Section GibbsVariational.
Context {R : realType} {T : finType}.
Variables (ref : T -> R) (eta : R).
Hypotheses (eta_gt0 : 0 < eta) (ref_dist : is_dist ref).

Definition reg_value1 (f p : T -> R) : \bar R :=
  ((\sum_t p t * f t)%:E - (eta^-1)%:E * KL p ref)%E.

Definition gibbs_norm (f : T -> R) := \sum_t ref t * expR (eta * f t).

Definition gibbs (f : T -> R) t := ref t * expR (eta * f t) / gibbs_norm f.

Definition abscont (p : T -> R) := [forall t, (ref t == 0) ==> (p t == 0)].

Lemma gibbs_norm_gt0 f : 0 < gibbs_norm f.
Proof. by apply: dist_sum_gt0 => // t; exact: expR_gt0. Qed.

Lemma gibbs_dist f : is_dist (gibbs f).
Proof.
split=> [t|]; first by rewrite divr_ge0 ?mulr_ge0 ?ref_dist.1 ?expR_ge0 ?ltW ?gibbs_norm_gt0.
by rewrite -mulr_suml divff // lt0r_neq0 ?gibbs_norm_gt0.
Qed.

Lemma gibbs_abscont f : abscont (gibbs f).
Proof. by apply/forallP => t; apply/implyP => /eqP reft0; rewrite /gibbs reft0 !mul0r. Qed.

Lemma abscont_ref_gt0 p t : abscont p -> p t != 0 -> 0 < ref t.
Proof.
move=> /forallP/(_ t)/implyP pref ptn0.
by rewrite lt0r ref_dist.1 andbT; apply: contra ptn0.
Qed.

Lemma gibbs_gt0 f t : 0 < ref t -> 0 < gibbs f t.
Proof. by move=> reft; rewrite divr_gt0 ?mulr_gt0 ?expR_gt0 ?gibbs_norm_gt0. Qed.

Lemma reg_value1_Ny f p : ~~ abscont p -> reg_value1 f p = -oo%E.
Proof. by move=> /negPf pN; rewrite /reg_value1 /KL -/(abscont p) pN gt0_muley ?lte_fin ?invr_gt0. Qed.

Lemma reg_value1E f p : abscont p ->
  reg_value1 f p = (\sum_t p t * f t - eta^-1 * \sum_(t | p t != 0) p t * ln (p t / ref t))%:E.
Proof. by move=> pref; rewrite /reg_value1 /KL -/(abscont p) pref. Qed.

****************************************

> _YOUR INSTRUCTIONS_
Return each line of the data where the word "abscont" appears.

> _ANSWER BELOW_
Definition abscont (p : T -> R) := [forall t, (ref t == 0) ==> (p t == 0)].
Lemma gibbs_abscont f : abscont (gibbs f).
Lemma abscont_ref_gt0 p t : abscont p -> p t != 0 -> 0 < ref t.
Lemma reg_value1_Ny f p : ~~ abscont p -> reg_value1 f p = -oo%E.
Proof. by move=> /negPf pN; rewrite /reg_value1 /KL -/(abscont p) pN gt0_muley ?lte_fin ?invr_gt0. Qed.
Lemma reg_value1E f p : abscont p ->
Proof. by move=> pref; rewrite /reg_value1 /KL -/(abscont p) pref. Qed.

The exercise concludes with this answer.